The following cartoon illustrates how this works, for a notional warp with eight threads.
Accesses to arrays of structures can be 6X faster than direct memory
accesses using compiler generated loads and stores. The following
benchmarks were taken on a Tesla K20c. The structure T
being loaded
and stored in these benchmarks is made of one to sixteen 32-bit integers.
#include <trove/ptr.h>
template<typename T>
__global__ void
trove_gather(const int length, const int* indices,
trove::coalesced_ptr<T> src, //Wrapped pointer
trove::coalesced_ptr<T> dst) {
int global_index = threadIdx.x + blockDim.x * blockIdx.x;
if (global_index < length) {
int index = indices[global_index];
T data = src[index];
dst[global_index] = data;
}
}
The high-level interface allows you to load and store structures
directly. Just wrap the pointers of your arrays in
trove::coalesced_ptr<T>
. You don't need to worry if the warp is
converged, or if the addresses you're accessing are contiguous. This
interface loses some performance, since it has to dynamically check
whether the warp is converged, and also broadcast all pointers from
all threads in each warp to all other threads in the warp, but it is
simple to use.
There are two restrictions on T
:
sizeof(T)
must be divisible by 4T
must have a default constructor
It's common for CUDA code to process or produce several values per thread. For example, a merge operation may process 7 values per thread, to increase the amount of serial work. For these cases, we provide a blocked interface that enables efficient block-wise vector loads and stores.

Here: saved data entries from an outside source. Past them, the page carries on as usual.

Theorem lemma2p1 (R : realType) (d : measure_display) (E : measurableType d)
  (mu : {measure set E -> \bar R}) (f : E -> R)
  (dO : measure_display) (Omega : measurableType dO) (P : probability Omega R)
  (N : nat) (B : nat -> set (E * R))
  (U : Omega -> R) (V : nat -> Omega -> E) (W : nat -> Omega -> R) :
  sigma_finite setT mu ->
  measurable_fun setT f ->
  (forall x, 0 <= f x) ->
  (0 < \int[mu]_x (f x)%:E)%E ->
  (\int[mu]_x (f x)%:E < +oo)%E ->
  let nu := (mu \x^ (@lebesgue_measure R))%E in
  let BU := \bigcup_(i in `I_N) B i in
  (forall i, (i < N)%N -> measurable (B i)) ->
  (forall i, (i < N)%N -> (0 < nu (B i))%E) ->
  (forall i j, (i < N)%N -> (j < N)%N -> i <> j -> nu (B i `&` B j) = 0%E) ->
  nu (Gamma f `\` BU) = 0%E ->
  (nu BU < +oo)%E ->
  let r := fun j => fine (nu (B j)) / fine (nu BU) in
  measurable_fun setT U ->
  (forall i, (i < N)%N -> measurable_fun setT (V i)) ->
  (forall i, (i < N)%N -> measurable_fun setT (W i)) ->
  (forall i, (i < N)%N ->
     indep_rv P (fun w => (V i w, W i w)) U) ->
  (forall i, (i < N)%N -> forall C : set (E * R), measurable C ->
     P [set w | C (V i w, W i w)] =
       (nu (C `&` B i) * ((fine (nu (B i)))^-1)%:E)%E) ->
  (forall D : set R, measurable D ->
     P (U @^-1` D) =
       (\int[@lebesgue_measure R]_(u in D) (\1_(`[0%R, 1%R[ : set R) u)%:E)%E) ->
  let Z := fun w => (U w, fun i => V i w, fun i => W i w) in
  forall A : set E, measurable A ->
    P [set w | A (V (Psi N r (U w)) w) /\ Lambda N r B f (Z w)] =
      (((fine (nu BU))^-1)%:E * \int[mu]_(x in A) (f x)%:E)%E.
Proof.
(* The finiteness of the integral follows from [nu BU < +oo]. *)
move=> mu_sf mf f_ge0 int_gt0 _ nu BU mB nuB_gt0 nuBB nu_GammaDBU nuBU_fin r
  mU mV mW indep PV PU Z A mA.
have nuBU_gt0 := fine_nu_bigcup_gt0 mu_sf mf f_ge0 mB nuBB nu_GammaDBU nuBU_fin int_gt0.
have r_ge0 := ratio_ge0 mu N B.
have series_r := series_ratio mu_sf mB nuBB nuB_gt0 nuBU_fin nuBU_gt0.
pose VW i w := (V i w, W i w); pose C i := Gamma f `&` A `*` setT `&` B i.
have mC i : (i < N)%N -> measurable (C i) := measurable_Gamma_cell mf mB mA.
have P_cell i : (i < N)%N ->
    P (VW i @^-1` C i `&` U @^-1` strip r i) = (((fine (nu BU))^-1)%:E * nu (C i))%E.
  move=> iN; rewrite prob_indep_uniform //; first last.
  - by rewrite -series_r; exact: strip_sub.
  - exact: measurable_itv.
  - exact: mC.
  - exact: indep.
  rewrite (PV i iN (C i) (mC i iN)) (lebesgue_measure_strip r_ge0 i) -setIA setIid.
  by rewrite -muleA -EFinM (invf_mul_ratio mu_sf mB nuB_gt0 nuBU_fin iN) muleC.
rewrite /Z (Psi_event r_ge0) // measure_bigcup_null_overlap; first last.
- move=> i j iN jN ij.
  by rewrite setIACA -preimage_setI strip_disjoint // preimage_set0 setI0 measure0.
- move=> i iN; apply: measurableI; rewrite -[X in measurable X]setTI.
    by apply: measurable_fun_pair => //; [exact: mV|exact: mW|exact: mC].
  by apply: mU => //; exact: measurable_itv.
rewrite (eq_bigr (fun i : 'I_N => ((fine (nu BU))^-1)%:E * nu (C i))%E); last first.
  by move=> i _; exact: P_cell.
by rewrite -ge0_sume_distrr ?nu_Gamma_partition // => i _; exact: integral_ge0.
Qed.
Lemma Pfci_right_end A x : Pfci lt A -> A x -> (exists z, le x z /\ ~ A z) ->
  exists r, le x r /\ seg A x r /\ forall y, le x y -> seg A x y -> le y r.
Proof.
  intros PA Ax [z0 [Hxz0 Hz0]]. destruct (Pfci_cover A PA) as [cs Hcs].
  assert (Hhi : forall y, le x y -> seg A x y ->
            exists c, In c cs /\ le y (cint_hi c) /\ seg A y (cint_hi c)).
  { intros y Hxy Hsxy. destruct (proj1 (Hcs y) (Hsxy y Hxy (le_refl y))) as [c [Hc Hyc]].
    destruct (iset_hi c y Hyc) as [Hup|[Hle Hseg]].
    - exfalso. apply Hz0. apply (seg_cat A x y z0); auto using le_refl.
      intros z Hyz _. apply Hcs. eauto.
    - exists c. repeat split; auto. intros z Hz1 Hz2. apply Hcs. eauto. }
  destruct (Hhi x (le_refl x) (seg_point A x Ax)) as [c0 [Hc0 H0]].
  destruct (list_least _ (fun a b => le b a) (fun e => le x e /\ seg A x e)
              (map cint_hi cs) (fun a b c Hba Hcb => le_trans c b a Hcb Hba)
              (fun a b => le_total b a) (cint_hi c0)) as [r [[Hxr Hr] Hmax]];
    [now apply in_map|exact H0|].
  exists r. repeat split; auto. intros y Hxy Hy.
  destruct (Hhi y Hxy Hy) as [c [Hc [Hyc Hcseg]]].
  apply le_trans with (cint_hi c); auto.
  apply Hmax; [now apply in_map|]. split; [eapply le_trans|eapply seg_cat]; eauto.
Qed.

Lemma max_cint_through A x : Pfci lt A -> A x -> exists J, max_cint lt A J /\ J x.
Proof.
  intros PA Ax. destruct (Pfci_left_end A x PA Ax) as [l [Hlx [Hl Hlmin]]].
  assert (Hleft : forall K z, closed_interval lt K -> subset K A -> K x -> K z -> le l z).
  { intros K z HK HKA Kx Kz. destruct (le_or_lt z x) as [Hzx|Hxz].
    - apply Hlmin; auto. intros y Hzy Hyx. apply HKA, (closed_interval_seg K z x); auto.
    - apply le_trans with x; auto using lt_le. }
  destruct (classic (exists z, le x z /\ ~ A z)) as [Hbdd|Hunbdd].
  - destruct (Pfci_right_end A x PA Ax Hbdd) as [r [Hxr [Hr Hrmax]]].
    assert (Hright : forall K z, closed_interval lt K -> subset K A -> K x -> K z -> le z r).
    { intros K z HK HKA Kx Kz. destruct (le_or_lt x z) as [Hxz|Hzx].
      - apply Hrmax; auto. intros y Hxy Hyz. apply HKA, (closed_interval_seg K x z); auto.
      - apply le_trans with x; auto using lt_le. }
    exists (iset lt (CC T l r)). split; [split; [|split]|split; auto].
    + exists (CC T l r). split; [eapply le_trans; eauto|intro; reflexivity].
    + intros z [Hlz Hzr]. apply (seg_cat A l x r); auto.
    + intros K HK HJK HKA z Kz. assert (Kx : K x) by (apply HJK; split; auto).
      split; eauto.
  - exists (iset lt (CR T l)). split; [split; [|split]|auto].
    + exists (CR T l). split; [exact I|intro; reflexivity].
    + intros z Hlz. destruct (le_or_lt z x) as [Hzx|Hxz]; [apply Hl; auto|].
      apply NNPP. intros Hz. apply Hunbdd. exists z. auto using lt_le.
    + intros K HK HJK HKA z Kz. apply (Hleft K); auto.
Qed.

Definition between_ends (L R : pset T) (x : T) : Prop :=
  exists l, L l /\ le l x /\ forall r, R r -> le l r -> le x r.

Lemma between_ends_of_mem A x : Pfci lt A -> A x -> between_ends (lends lt A) (rends lt A) x.
Proof.
  intros PA Ax. destruct (max_cint_through A x PA Ax) as [J [HJ Jx]].
  pose proof HJ as (HJc & HJA & _).
  destruct (closed_interval_min J HJc) as [m [Jm Hm]].
  exists m. split; [exists J; auto|split; auto].
  intros r [J' [(HJ'c & HJ'A & HJ'max) [J'r Hr]]] Hmr.
  destruct (le_or_lt x r) as [|Hrx]; auto. exfalso.
  destruct (closed_interval_min J' HJ'c) as [m' [J'm' Hm']].
  assert (Jr : J r) by (apply (closed_interval_seg J m x); auto using lt_le).
  assert (Hm'x : le m' x) by (apply le_trans with r; auto using lt_le).
  (* otherwise [[m', x]] would be a closed interval of [A] extending [J'] *)
  assert (J'x : J' x).
  { apply (HJ'max (iset lt (CC T m' x))).
    - exists (CC T m' x). split; [exact Hm'x|intro; reflexivity].
    - intros y Hy. split; auto. apply le_trans with r; auto using lt_le.
    - intros y [Hm'y Hyx]. apply (seg_cat A m' r x); auto.
      + intros z Hz1 Hz2. apply HJ'A, (closed_interval_seg J' m' r); auto.
      + intros z Hz1 Hz2. apply HJA, (closed_interval_seg J r x); auto.
    - split; auto using le_refl. }
  exact (lt_not_ge r x Hrx (Hr x J'x)).
Qed.

Lemma mem_of_between_ends A x : between_ends (lends lt A) (rends lt A) x -> A x.
Proof.
  intros [l [[J [HJ [Jl Hl]]] [Hlx Hr]]]. pose proof HJ as (HJc & HJA & _).
  apply HJA. destruct (closed_interval_max_or_upward J HJc) as [[m [Jm Hm]]|Hup].
  - apply (closed_interval_seg J l m); auto. apply Hr; auto. exists J. auto.
  - eauto.
Qed.

Lemma subset_iff_between_ends A B : Pfci lt A -> Pfci lt B ->
  subset A B <-> forall x, between_ends (lends lt A) (rends lt A) x ->
                           between_ends (lends lt B) (rends lt B) x.
Proof.
  intros PA PB. split; intros H x Hx.
  - apply between_ends_of_mem, H, (mem_of_between_ends A); auto.
  - apply (mem_of_between_ends B), H, between_ends_of_mem; auto.
Qed.

Definition pt (a : T) : pset T := fun y => y = a.

Lemma finite_pt a : finite (pt a).
Proof. exists [a]. intros y. unfold pt; simpl. intuition. Qed.

Lemma pt_of_seteq (X : pset T) a : seteq X (pt a) -> X = pt a.
Proof. intros H. extensionality y. apply propositional_extensionality, H. Qed.

Lemma upd_same (e : env T) n X : upd e n X n = X.
Proof. unfold upd. now rewrite Nat.eqb_refl. Qed.

Lemma upd_other (e : env T) n m X : m <> n -> upd e n X m = e m.
Proof. intros H. unfold upd. apply Nat.eqb_neq in H. now rewrite H. Qed.

Lemma sat_f_sing e n : sat lt zero e (f_sing n) <-> exists a, e n = pt a.
Proof.
  unfold f_sing. cbn [sat teval]. unfold seteq, s_bot, s_min. split.
  - intros [Hne Hmin]. apply NNPP. intros Hno. apply Hne. intros y. split; [|tauto].
    intros Hy. apply Hno. exists y. apply pt_of_seteq. intros z. unfold pt.
    split; [|intros ->; auto]. intros Hz.
    apply le_antisym; [apply (proj2 (Hmin z) Hz)|apply (proj2 (Hmin y) Hy)]; auto.
  - intros [a Ha]. rewrite Ha. unfold pt. split.
    + intros H. now apply (H a).
    + intros y. split; [tauto|]. intros ->. split; [reflexivity|]. intros y ->. apply le_refl.
Qed.

Lemma sat_f_sub e n m a : e n = pt a -> (sat lt zero e (f_sub n m) <-> e m a).
Proof.
  intros Ha. unfold f_sub. cbn [sat teval]. unfold seteq, s_inter. rewrite Ha. unfold pt. split.
  - intros H. now apply (H a).
  - intros Hm y. split; [tauto|]. intros ->. auto.
Qed.

Lemma sat_f_le e n m a b : e n = pt a -> e m = pt b ->
  (sat lt zero e (f_le n m) <-> le a b).
Proof.
  intros Ha Hb. unfold f_le. cbn [sat teval]. unfold seteq, s_min, s_union. rewrite Ha, Hb. unfold pt. split.
  - intros H. destruct (proj2 (H a) eq_refl) as [_ Hmin]. apply Hmin. now right.
  - intros Hab y. split.
    + intros [[-> | ->] Hmin]; auto. apply le_antisym; auto.
    + intros ->. split; [now left|]. intros y [-> | ->]; auto using le_refl.
Qed.

Lemma sat_f_all_pt e n f :
  sat lt zero e (f_all_pt n f) <-> forall a, sat lt zero (upd e n (pt a)) f.
Proof.
  unfold f_all_pt. cbn [sat]. split.
  - intros H a. apply H; [apply finite_pt|]. apply sat_f_sing. exists a. apply upd_same.
  - intros H X _ HX. apply sat_f_sing in HX. destruct HX as [a Ha].
    rewrite upd_same in Ha. rewrite Ha. apply H.
Qed.

Lemma sat_f_ex_pt e n f :
  sat lt zero e (f_ex_pt n f) <-> exists a, sat lt zero (upd e n (pt a)) f.
Proof.
  unfold f_ex_pt. cbn [sat]. split.
  - intros [X [_ [HX Hf]]]. apply sat_f_sing in HX. destruct HX as [a Ha].
    rewrite upd_same in Ha. rewrite Ha in Hf. eauto.
  - intros [a Hf]. exists (pt a). split; [apply finite_pt|split; [|exact Hf]].
    apply sat_f_sing. exists a. apply upd_same.
Qed.

Lemma sat_f_between e x l r c : x < 5 -> l < 5 -> r < 5 -> e x = pt c ->
  sat lt zero e (f_between x l r) <-> between_ends (e l) (e r) c.
Proof.
  intros Hx Hl Hr Hc. unfold f_between, between_ends. rewrite sat_f_ex_pt.
  apply Morphisms_Prop.ex_iff_morphism. intros a. cbn [sat].
  set (e1 := upd e 5 (pt a)).
  assert (E1a : e1 5 = pt a) by apply upd_same.
  assert (E1 : forall m, m < 5 -> e1 m = e m) by (intros; apply upd_other; lia).
  rewrite (sat_f_sub e1 5 l a E1a), (sat_f_le e1 5 x a c E1a), E1, sat_f_all_pt
    by (rewrite ?E1; auto).
  apply and_iff_compat_l, and_iff_compat_l.
  assert (Hb : forall b, sat lt zero (upd e1 6 (pt b))
                  (FImp (FAnd (f_sub 6 r) (f_le 5 6)) (f_le x 6))
                <-> (e r b -> le a b -> le c b)).
  { intros b. cbn [sat]. set (e2 := upd e1 6 (pt b)).
    assert (E2b : e2 6 = pt b) by apply upd_same.
    assert (E2 : forall m, m < 5 -> e2 m = e m)
      by (intros; unfold e2; rewrite upd_other, E1; auto; lia).
    assert (E2a : e2 5 = pt a) by (unfold e2; rewrite upd_other; auto).
    assert (E2x : e2 x = pt c) by (rewrite E2; auto).
    rewrite (sat_f_sub e2 6 r b E2b), (sat_f_le e2 5 6 a b E2a E2b),
      (sat_f_le e2 x 6 c b E2x E2b), E2 by exact Hr.
    tauto. }
  split; intros H b; apply Hb, H.
Qed.

End LinearOrder.

Theorem proposition6p3 (T : Type) (lt : T -> T -> Prop) (zero : T)
  (HI : is_dlo0 lt zero) :
  exists phi : form,
    forall A B : pset T, Pfci lt A -> Pfci lt B ->
      (subset A B <->
       sat lt zero (env4 (lends lt A) (rends lt A) (lends lt B) (rends lt B)) phi).
Proof.
  destruct HI as (Hirr & Htrans & Htri & _ & Hzero & _).
  exists (f_all_pt 4 (FImp (f_between 4 0 1) (f_between 4 2 3))).
  intros A B PA PB.
  rewrite (subset_iff_between_ends T lt zero Hirr Htrans Htri Hzero A B PA PB).
  rewrite (sat_f_all_pt T lt zero Hirr Htrans).
  split; intros H c; specialize (H c); cbn [sat] in *;
    rewrite !(sat_f_between T lt zero Hirr Htrans) in * by (apply upd_same || lia);
    exact H.
Qed.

This interface relies on an array type trove::array<T, s>
, where T
is the type of each element of the array, and s
is an integer that
statically determines the length of the array. trove::array
types
can be converted to and from standard C arrays (see
array.h
), but they have value
semantics rather than reference semantics, and they can only be
indexed statically.
With this interface, each thread is assumed to be reading or writing from contiguous locations in the input or output array. The user is responsible for checking for convergence, which they probably do anyway for functional reasons. If the warp is not converged, we provide fallback functions that load and store arrays using compiler generated code.
#include <trove/block.h>
template<typename T, int s>
__global__ void test_block_copy(const T* x, T* r, int l) {
typedef trove::array<T, s> s_ary;
int global_index = threadIdx.x + blockIdx.x * blockDim.x;
for(int index = global_index; index < l; index += gridDim.x * blockDim.x) {
//The block memory accesses only function
//correctly if the warp is converged. Here we check.
if (trove::warp_converged()) {
//Warp converged, indices are contiguous, call the fast
//load and store
s_ary d = trove::load_array_warp_contiguous<s>(x, index);
trove::store_array_warp_contiguous(r, index, d);
} else {
//Warp not converged, call the slow load and store
s_ary d = trove::load_array<s>(x, index);
trove::store_array(r, index, d);
}
}
}
If you know your warp is converged, and that your threads are all
accessing contiguous locations in your array, you can use the
low-level interface for maximum performance. By contiguous, we mean
that if threads with indices i and thread j are in the same warp,
the pointers pi and pj you pass to the library must obey the
relation pj - pi == j - i. The low-level interface has the
following functions in <trove/aos.h>
:
template<typename T> __device__ T load_warp_contiguous(const T* src);
template<typename T> __device__ void store_warp_contiguous(const T& data, T* dest);